Work order: Would you copy all lines in the data that contain the word "Hdisj"?

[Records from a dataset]
Lemma approx_condition C F X e : computable_from C X -> mathias F X ->
  exists Y, [/\ mathias (approx F X e) Y, mextends (approx F X e) Y F X & computable_from C Y].
Proof.
move=> [tX HX] [[bF HbF] Xinf _]; pose B := bF + e.
have HEB x : approx F X e x -> x < B.
  by case/orP=> [/HbF|/andP[_ /bitn_lt]]; rewrite /B; lia.
exists (fun x => X x && (B < x)); split.
- split; first by exists B.
    move=> k; have [x [Hx HXx]] := Xinf (maxn k B.+1).
    by exists x; rewrite HXx; split; apply: leq_trans Hx; [exact: leq_maxl|exact: leq_maxr].
  by move=> x w /HEB Hx /andP[_]; apply: ltn_trans.
- split=> [x Fx|x /andP[]//|x]; first by rewrite /approx Fx.
  by rewrite /approx => /orP[->//|/andP[]].
- exists (cguard (RComp tX [:: RProj 0]) (cguard (csub (RProj 0) (cconst B)) (cconst 1))) => x.
  have := eval_cguard (evComp (evals1 (evProj C 0 [:: x])) (HX x))
    (eval_cguard (eval_csub (evProj C 0 [:: x]) (eval_cconst C B _)) (eval_cconst C 1 _)).
  by rewrite /= subn_eq0 leqNgt; case: (X x); case: (B < x).
Qed.

Unset Implicit Arguments.
Theorem mainTheorem10 (n : nat) (A0 A1 : seq bool -> Prop) (C : nat -> bool)
  (F X : nat -> bool) (m : nat) (phi : (nat -> bool) -> valuation -> Prop) (M : matrix) :
  1 <= n ->
  fair n C A0 A1 ->
  mathias F X ->
  computable_from C X ->
  1 <= m ->
  sigma1_param C m (2 ^ n * m) phi ->
  disjoint_matrix m (2 ^ n * m) M ->
  exists E Y : nat -> bool,
    [/\ mathias E Y, mextends E Y F X, computable_from C Y &
      (forall G, msatisfies G E Y -> ~ essential m (2 ^ n * m) (phi G) M) \/
      (exists V, [/\ is_valuation m (2 ^ n * m) M V,
                     diagonalizes m (2 ^ n * m) V A0 A1 & phi E V])].
Proof.
move=> _ Hfair HFX HX _ Hphi Hdisj.
have Hpsi := approx_sigma1 HX (let: And3 Ffin _ _ := HFX in Ffin) Hphi.
case: (classic (essential m (2 ^ n * m) (fun V => exists e, phi (approx F X e) V) M)).
  move=> /(Hfair _ _ _ Hpsi Hdisj) [V [HV Hdiag [e HphiE]]].
  have [Y [HEY Hext HY]] := approx_condition e HX HFX.
  by exists (approx F X e), Y; split => //; right; exists V.
move=> Hness; exists F, X; split => //; first by split => // x ->.
left=> G HG HessG; apply: Hness => s.
have [V [HV HVs HphiG]] := HessG s.
by exists V; split => //; apply: approx_use Hphi HG HphiG.
Qed.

Solution for this exercise:
move=> _ Hfair HFX HX _ Hphi Hdisj.
  move=> /(Hfair _ _ _ Hpsi Hdisj) [V [HV Hdiag [e HphiE]]].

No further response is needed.